This demo showcases a lightweight Stable Diffusion model (SDM) for general-purpose text-to-image synthesis. Our model [**BK-SDM-Small**](https://huggingface.co/nota-ai/bk-sdm-small) achieves **36% reduced** parameters and latency. This model is bulit with (i) removing several residual and attention blocks from the U-Net of [SDM-v1.4](https://huggingface.co/CompVis/stable-diffusion-v1-4) and (ii) distillation pretraining on only 0.22M LAION pairs (fewer than 0.1% of the full training set). Despite very limited training resources, our model can imitate the original SDM by benefiting from transferred knowledge. - **For more information & acknowledgments**, please see [Paper](https://arxiv.org/abs/2305.15798), [GitHub](https://github.com/Nota-NetsPresso/BK-SDM), BK-SDM-{[Base](https://huggingface.co/nota-ai/bk-sdm-base), [Small](https://huggingface.co/nota-ai/bk-sdm-small), [Tiny](https://huggingface.co/nota-ai/bk-sdm-tiny)} Model Card.

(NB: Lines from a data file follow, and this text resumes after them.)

(* $$\liminf_{n\to\infty}\frac{a(n)}{n}=\frac{\varphi+2}{5}\qquad\text{and}\qquad \limsup_{n\to\infty}\frac{a(n)}{n}=\varphi .$$
   Context: $\varphi=(1+\sqrt5)/2$. Let $(F_n)_{n\ge 0}$ be the Fibonacci numbers: $F_0=0$, $F_1=1$, $F_n=F_{n-1}+F_{n-2}$ for $n\ge 2$. Define $(a(n))_{n\ge 0}$ (OEIS A105774) by $a(0)=0$, $a(1)=1$, and for $n\ge 2$, $a(n)=F_{j+1}-a(n-F_j)$, where $j\ge 2$ is the unique index with $F_j<n\le F_{j+1}$. *)

From Stdlib Require Import Reals ZArith Arith.
From Coquelicot Require Import Coquelicot.
Open Scope R_scope.

Fixpoint fib (n : nat) : nat :=
  match n with
  | O => O
  | S m => match m with
           | O => 1%nat
           | S k => (fib m + fib k)%nat
           end
  end.

Definition phi : R := (1 + sqrt 5) / 2.

Definition is_A105774 (a : nat -> Z) : Prop :=
  a 0%nat = 0%Z /\ a 1%nat = 1%Z /\
  forall (n j : nat), (2 <= j)%nat -> (fib j < n <= fib (j + 1))%nat ->
    a n = (Z.of_nat (fib (j + 1)) - a (n - fib j)%nat)%Z.

(* Write F_j < n <= F_(j+1).  Unfolding the recursion twice gives
   a(n) = F_(j+1) - F_(i+1) + a(n - F_j - F_i) with i + 2 <= j, and since
   F_(j+2)/(F_(j+2) + F_j) tends to (phi + 1)/(phi + 2) = (phi + 2)/5, strong induction
   yields a(n) >= ((phi + 2)/5 - eps) n - C for every eps > 0.  One more unfolding gives
   a(n) <= F_(j+1) + C <= phi n + C'.  Both bounds are sharp, along n = F_k and along
   n = F_k + 1 respectively. *)

From Stdlib Require Import Reals ZArith Arith Lia Lra Psatz.
From Coquelicot Require Import Coquelicot.
Open Scope R_scope.

Lemma Rabs_lt_mult_INR_eventually (eps C : R) :
  0 < eps -> exists N, forall n, (N <= n)%nat -> Rabs C < eps * INR n.
Proof.
  intros Heps.
  destruct (INR_unbounded (Rabs C / eps)) as [N HN].
  exists N; intros n Hn.
  apply le_INR in Hn.
  replace (Rabs C) with (eps * (Rabs C / eps)) by (field; lra).
  apply Rmult_lt_compat_l; lra.
Qed.

Lemma is_LimInf_seq_ratio (x : nat -> R) (l : R) :
  (forall eps, 0 < eps -> exists C, forall n, (l - eps) * INR n - C <= x n) ->
  (forall eps, 0 < eps -> exists C, forall N,
     exists n, (N <= n)%nat /\ x n <= (l + eps) * INR n + C) ->
  is_LimInf_seq (fun n => x n / INR n) (Finite l).
Proof.
  intros Hlow Hfreq [eps Heps]; simpl; split.
  - intros N.
    destruct (Hfreq (eps / 2) ltac:(lra)) as [C HC].
    destruct (Rabs_lt_mult_INR_eventually (eps / 2) C ltac:(lra)) as [M HM].
    destruct (HC (max N M)) as [n [Hn Hx]].
    exists n; split; [lia|].
    specialize (HM n ltac:(lia)).
    pose proof (Rle_abs C); pose proof (Rabs_pos C).
    apply Rlt_div_l; nra.
  - destruct (Hlow (eps / 2) ltac:(lra)) as [C HC].
    destruct (Rabs_lt_mult_INR_eventually (eps / 2) C ltac:(lra)) as [N HN].
    exists N; intros n Hn.
    specialize (HN n Hn); specialize (HC n).
    pose proof (Rle_abs C); pose proof (Rabs_pos C).
    apply Rlt_div_r; nra.
Qed.

Lemma is_LimSup_seq_ratio (x : nat -> R) (l : R) :
  (forall eps, 0 < eps -> exists C, forall n, x n <= (l + eps) * INR n + C) ->
  (forall eps, 0 < eps -> exists C, forall N,
     exists n, (N <= n)%nat /\ (l - eps) * INR n - C <= x n) ->
  is_LimSup_seq (fun n => x n / INR n) (Finite l).
Proof.
  intros Hup Hfreq.
  apply is_LimInf_opp_LimSup_seq.
  apply is_LimInf_seq_ext with (fun n => - x n / INR n).
  { intros n; unfold Rdiv; ring. }
  apply is_LimInf_seq_ratio.
  - intros eps Heps; destruct (Hup eps Heps) as [C HC].
    exists C; intros n; specialize (HC n); lra.
  - intros eps Heps; destruct (Hfreq eps Heps) as [C HC].
    exists C; intros N; destruct (HC N) as [n [Hn Hx]].
    exists n; split; [exact Hn | lra].
Qed.

Lemma finite_lower_bound (f : nat -> R) (N : nat) :
  exists B, forall n, (n <= N)%nat -> B <= f n.
Proof.
  induction N as [|N [B HB]].
  - exists (f 0%nat); intros n Hn.
    replace n with 0%nat by lia; lra.
  - exists (Rmin B (f (S N))); intros n Hn.
    destruct (Nat.eq_dec n (S N)) as [->|Hne]; [apply Rmin_r|].
    apply Rle_trans with B; [apply Rmin_l | apply HB; lia].
Qed.

Lemma fib_SS n : fib (S (S n)) = (fib (S n) + fib n)%nat.
Proof. reflexivity. Qed.

Lemma fib_add1 j : (1 <= j)%nat -> fib (j + 1) = (fib j + fib (j - 1))%nat.
Proof.
  intros Hj; destruct j as [|j]; [lia|].
  replace (S j + 1)%nat with (S (S j)) by lia.
  now replace (S j - 1)%nat with j by lia.
Qed.

Lemma fib_le_succ n : (fib n <= fib (S n))%nat.
Proof. destruct n; [simpl; lia | rewrite fib_SS; lia]. Qed.

Lemma fib_mono m n : (m <= n)%nat -> (fib m <= fib n)%nat.
Proof. induction 1; [lia | pose proof (fib_le_succ m0); lia]. Qed.

Lemma fib_gt0 n : (1 <= n)%nat -> (1 <= fib n)%nat.
Proof.
  intros Hn; destruct n as [|n]; [lia|].
  induction n; [simpl; lia | rewrite fib_SS; lia].
Qed.

Lemma fib_ge_id n : (n <= fib (S n))%nat.
Proof.
  induction n as [n IH] using lt_wf_ind.
  destruct n as [|[|n]]; [simpl; lia | simpl; lia|].
  rewrite fib_SS.
  pose proof (IH (S n) ltac:(lia)); pose proof (fib_gt0 (S n) ltac:(lia)); lia.
Qed.

Lemma fib_bracket n : (2 <= n)%nat ->
  exists j, (2 <= j)%nat /\ (fib j < n <= fib (j + 1))%nat.
Proof.
  induction n as [|n IH]; intros Hn; [lia|].
  destruct (Nat.eq_dec n 1) as [->|Hn1]; [exists 2%nat; simpl; lia|].
  destruct (IH ltac:(lia)) as [j [Hj Hnj]].
  destruct (Nat.eq_dec n (fib (j + 1))) as [Hnf|Hnf]; [|exists j; lia].
  exists (j + 1)%nat; split; [lia|].
  rewrite (fib_add1 (j + 1)) by lia.
  replace (j + 1 - 1)%nat with j by lia.
  pose proof (fib_gt0 j ltac:(lia)); lia.
Qed.

Lemma phi_sqr : phi * phi = phi + 1.
Proof. unfold phi; pose proof (sqrt_sqrt 5 ltac:(lra)); nra. Qed.

Lemma phi_bounds : 1.6 < phi < 1.65.
Proof.
  unfold phi; pose proof (sqrt_sqrt 5 ltac:(lra)); pose proof (sqrt_pos 5).
  split; nra.
Qed.

Lemma fib_succ_sub_phi n : INR (fib (S n)) - phi * INR (fib n) = (1 - phi) ^ n.
Proof.
  induction n as [|n IH]; [simpl; lra|].
  rewrite fib_SS, plus_INR, <- tech_pow_Rmult, <- IH.
  assert (E : (phi * phi - phi - 1) * INR (fib n) = 0) by (rewrite phi_sqr; ring).
  lra.
Qed.

Lemma fib_succ_phi_approx n : -1 <= INR (fib (S n)) - phi * INR (fib n) <= 1.
Proof.
  rewrite fib_succ_sub_phi.
  assert (Habs : Rabs (1 - phi) <= 1)
    by (pose proof phi_bounds; unfold Rabs; destruct Rcase_abs; lra).
  apply Rabs_le_between, Rle_trans with (1 ^ n); [|rewrite pow1; lra].
  rewrite <- RPow_abs; apply pow_incr; split; [apply Rabs_pos | exact Habs].
Qed.

Lemma fib_SS_phi_approx n :
  -3 <= INR (fib (S (S n))) - (phi + 1) * INR (fib n) <= 3.
Proof.
  pose proof (fib_succ_phi_approx n); pose proof (fib_succ_phi_approx (S n)).
  pose proof phi_bounds; pose proof (pos_INR (fib n)).
  rewrite fib_SS, plus_INR in *; nra.
Qed.

Lemma phi_add2_sqr_div5 : (phi + 2) / 5 * (phi + 2) = phi + 1.
Proof. pose proof phi_sqr; nra. Qed.

Lemma fib_ratio_eventually eps : 0 < eps ->
  exists j0, (1 <= j0)%nat /\ forall j i, (j0 <= j)%nat -> (i + 2 <= j)%nat ->
    ((phi + 2) / 5 - eps) * (INR (fib j) + INR (fib i)) <= INR (fib j).
Proof.
  intros Heps.
  destruct (INR_unbounded (/ eps)) as [K HK].
  exists (K + 3)%nat; split; [lia|]; intros j i Hj Hij.
  replace j with (S (S (j - 2))) by lia; set (k := (j - 2)%nat).
  assert (Hfk : 1 < eps * INR (fib k)).
  { apply Rmult_lt_reg_l with (/ eps); [now apply Rinv_0_lt_compat|].
    rewrite <- Rmult_assoc, Rinv_l, Rmult_1_l, Rmult_1_r by lra.
    apply Rlt_le_trans with (INR K); [exact HK|].
    apply le_INR; pose proof (fib_ge_id K); pose proof (fib_mono (S K) k); lia. }
  assert (Hik : INR (fib i) <= INR (fib k)) by (apply le_INR, fib_mono; lia).
  pose proof (fib_SS_phi_approx k); pose proof phi_add2_sqr_div5; pose proof phi_bounds.
  pose proof (pos_INR (fib i)); pose proof (pos_INR (fib (S (S k)))).
  destruct (Rle_lt_dec ((phi + 2) / 5) eps); nra.
Qed.

Section A105774.

Variable a : nat -> Z.
Hypothesis ha : is_A105774 a.

Lemma a_0 : IZR (a 0%nat) = 0.
Proof. now destruct ha as [-> _]. Qed.

Lemma a_1 : IZR (a 1%nat) = 1.
Proof. now destruct ha as [_ [-> _]]. Qed.

Lemma a_rec n j : (2 <= j)%nat -> (fib j < n <= fib (j + 1))%nat ->
  IZR (a n) = INR (fib (j + 1)) - IZR (a (n - fib j)%nat).
Proof.
  intros Hj Hn; destruct ha as [_ [_ Hrec]].
  now rewrite (Hrec n j Hj Hn), minus_IZR, <- INR_IZR_INZ.
Qed.

Lemma a_rec2 n j i : (2 <= j)%nat -> (fib j < n <= fib (j + 1))%nat ->
  (2 <= i)%nat -> (fib i < n - fib j <= fib (i + 1))%nat ->
  (i + 2 <= j)%nat /\
  IZR (a n) = INR (fib (j + 1)) - INR (fib (i + 1)) + IZR (a (n - fib j - fib i)%nat).
Proof.
  intros Hj Hn Hi Hm; split.
  - destruct (Nat.le_gt_cases (i + 2) j) as [Hij|Hij]; [exact Hij|].
    pose proof (fib_add1 j ltac:(lia)); pose proof (fib_mono (j - 1) i ltac:(lia)); lia.
  - rewrite (a_rec n j Hj Hn), (a_rec _ i Hi Hm); ring.
Qed.

Lemma a_fib_SS k : (1 <= k)%nat ->
  IZR (a (fib (S (S k)))) = INR (fib (S (S k))) - IZR (a (fib k)).
Proof.
  intros Hk; pose proof (fib_gt0 k Hk).
  assert (Hs : fib (S k + 1) = (fib (S k) + fib k)%nat)
    by (rewrite fib_add1 by lia; do 2 f_equal; lia).
  replace (fib (S (S k))) with (fib (S k + 1)) by (f_equal; lia).
  rewrite (a_rec _ (S k)) by lia.
  rewrite Hs; now replace (fib (S k) + fib k - fib (S k))%nat with (fib k) by lia.
Qed.

Lemma a_fib_add1 k : (2 <= k)%nat -> IZR (a (fib k + 1)%nat) = INR (fib (k + 1)) - 1.
Proof.
  intros Hk; pose proof (fib_add1 k ltac:(lia)); pose proof (fib_gt0 (k - 1) ltac:(lia)).
  rewrite (a_rec _ k Hk) by lia.
  now replace (fib k + 1 - fib k)%nat with 1%nat by lia; rewrite a_1.
Qed.

Lemma a_lower_bound eps : 0 < eps ->
  exists C, forall n, ((phi + 2) / 5 - eps) * INR n - C <= IZR (a n).
Proof.
  intros Heps; set (l := (phi + 2) / 5 - eps).
  destruct (fib_ratio_eventually eps Heps) as [j0 [Hj0 Hratio]].
  destruct (finite_lower_bound (fun n => IZR (a n) - l * INR n) (fib j0)) as [B HB].
  exists (Rmax 2 (- B)).
  pose proof (Rmax_l 2 (- B)); pose proof (Rmax_r 2 (- B)); pose proof phi_bounds.
  intros n; induction n as [n IH] using lt_wf_ind.
  destruct (Nat.le_gt_cases n (fib j0)) as [Hsmall|Hlarge]; [specialize (HB n Hsmall); lra|].
  pose proof (fib_gt0 j0 Hj0).
  destruct (fib_bracket n ltac:(lia)) as [j [Hj Hnj]].
  assert (Hjj0 : (j0 <= j)%nat)
    by (destruct (Nat.le_gt_cases j0 j); [lia | pose proof (fib_mono (j + 1) j0); lia]).
  assert (Hn : INR n = INR (fib j) + INR (n - fib j)) by (rewrite <- plus_INR; f_equal; lia).
  assert (Hfj : INR (fib j) <= INR (fib (j + 1))) by (apply le_INR, fib_mono; lia).
  destruct (Nat.eq_dec (n - fib j) 1) as [Hm1|Hm1].
  - rewrite (a_rec n j Hj Hnj), Hn, Hm1, a_1; change (INR 1) with 1.
    pose proof (pos_INR (fib j)); unfold l; nra.
  - destruct (fib_bracket (n - fib j) ltac:(lia)) as [i [Hi Hmi]].
    destruct (a_rec2 n j i Hj Hnj Hi Hmi) as [Hij ->].
    pose proof (fib_gt0 i ltac:(lia)).
    specialize (IH (n - fib j - fib i)%nat ltac:(lia)).
    assert (Hm : INR (n - fib j) = INR (fib i) + INR (n - fib j - fib i))
      by (rewrite <- plus_INR; f_equal; lia).
    specialize (Hratio j i Hjj0 Hij); fold l in Hratio.
    pose proof (fib_add1 j ltac:(lia)) as Hfj1; apply (f_equal INR) in Hfj1.
    rewrite plus_INR in Hfj1.
    assert (INR (fib (i + 1)) <= INR (fib (j - 1))) by (apply le_INR, fib_mono; lia).
    nra.
Qed.

Lemma a_upper_bound : exists D, forall n, IZR (a n) <= phi * INR n + D.
Proof.
  pose proof phi_bounds.
  destruct (a_lower_bound ((phi + 2) / 5) ltac:(lra)) as [C HC].
  exists (2 + Rabs C); pose proof (Rle_abs C); pose proof (Rabs_pos C).
  intros n; destruct (Nat.lt_ge_cases n 2) as [Hn|Hn].
  { pose proof (pos_INR n).
    destruct n as [|[|n]]; [rewrite a_0 | rewrite a_1 | lia]; simpl INR; nra. }
  destruct (fib_bracket n Hn) as [j [Hj Hnj]].
  rewrite (a_rec n j Hj Hnj).
  specialize (HC (n - fib j)%nat); rewrite Rminus_diag, Rmult_0_l in HC.
  pose proof (fib_succ_phi_approx j); replace (S j) with (j + 1)%nat in * by lia.
  assert (phi * INR (fib j) <= phi * INR n)
    by (apply Rmult_le_compat_l; [lra | apply le_INR; lia]).
  lra.
Qed.

Lemma a_is_LimInf_ratio :
  is_LimInf_seq (fun n => IZR (a n) / INR n) (Finite ((phi + 2) / 5)).
Proof.
  apply is_LimInf_seq_ratio; [exact a_lower_bound|].
  intros eps Heps; destruct (a_lower_bound eps Heps) as [C HC].
  exists (C + 3); intros N.
  exists (fib (S (S (S N)))); split; [pose proof (fib_ge_id (S (S N))); lia|].
  rewrite (a_fib_SS (S N)) by lia.
  specialize (HC (fib (S N))).
  pose proof (fib_SS_phi_approx (S N)); pose proof phi_add2_sqr_div5; pose proof phi_bounds.
  assert (INR (fib (S N)) <= INR (fib (S (S (S N)))))
    by (apply le_INR, fib_mono; lia).
  pose proof (pos_INR (fib (S N))); nra.
Qed.

Lemma a_is_LimSup_ratio : is_LimSup_seq (fun n => IZR (a n) / INR n) (Finite phi).
Proof.
  pose proof phi_bounds.
  apply is_LimSup_seq_ratio.
  - destruct a_upper_bound as [D HD].
    intros eps Heps; exists D; intros n.
    specialize (HD n); pose proof (pos_INR n); nra.
  - intros eps Heps; exists 4; intros N.
    exists (fib (S (S N)) + 1)%nat; split; [pose proof (fib_ge_id (S N)); lia|].
    rewrite (a_fib_add1 (S (S N))), plus_INR by lia.
    pose proof (fib_succ_phi_approx (S (S N))); replace (S (S (S N))) with (S (S N) + 1)%nat in * by lia.
    pose proof (pos_INR (fib (S (S N)))); change (INR 1) with 1; nra.
Qed.

End A105774.

Theorem proposition7 (a : nat -> Z) (ha : is_A105774 a) :
  LimInf_seq (fun n : nat => IZR (a n) / INR n) = Finite ((phi + 2) / 5) /\
  LimSup_seq (fun n : nat => IZR (a n) / INR n) = Finite phi.
Proof.
  split.
  - apply is_LimInf_seq_unique, a_is_LimInf_ratio, ha.
  - apply is_LimSup_seq_unique, a_is_LimSup_ratio, ha.
Qed.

U-Net architectures and KD-based pretraining

- This research was accepted to [**ICCV 2023 Demo Track**](https://iccv2023.thecvf.com/demos-111.php) & [**ICML 2023 Workshop on Efficient Systems for Foundation Models** (ES-FoMo)](https://es-fomo.com/). - Please be aware that your prompts are logged, _without_ any personally identifiable information. - For different images with the same prompt, please change _Random Seed_ in Advanced Settings (because of using the firstly sampled latent code per seed).
**Demo Environment**: [Oct/08/2023] Free CPU-basic (2 vCPU · 16 GB RAM) — 7~10 min slow inference (for a 512×512 image with 25 denoising steps)
- 🙏 Better to use [Hosted inference API in Our Model Card](https://huggingface.co/nota-ai/bk-sdm-small)
Previous Env Setup: [Oct/01/2023] NVIDIA T4-small (4 vCPU · 15 GB RAM · 16GB VRAM) — 5~10 sec inference.
[Sept/01/2023] Free CPU-basic (2 vCPU · 16 GB RAM) — 7~10 min slow inference.
[Aug/01/2023] NVIDIA T4-small (4 vCPU · 15 GB RAM · 16GB VRAM) — 5~10 sec inference.
[July/31/2023] Free CPU-basic (2 vCPU · 16 GB RAM) — 7~10 min slow inference.
[July/27/2023] NVIDIA T4-small (4 vCPU · 15 GB RAM · 16GB VRAM) — 5~10 sec inference.
[June/30/2023] Free CPU-basic (2 vCPU · 16 GB RAM) — 7~10 min slow inference.
[May/31/2023] NVIDIA T4-small (4 vCPU · 15 GB RAM · 16GB VRAM) — 5~10 sec inference.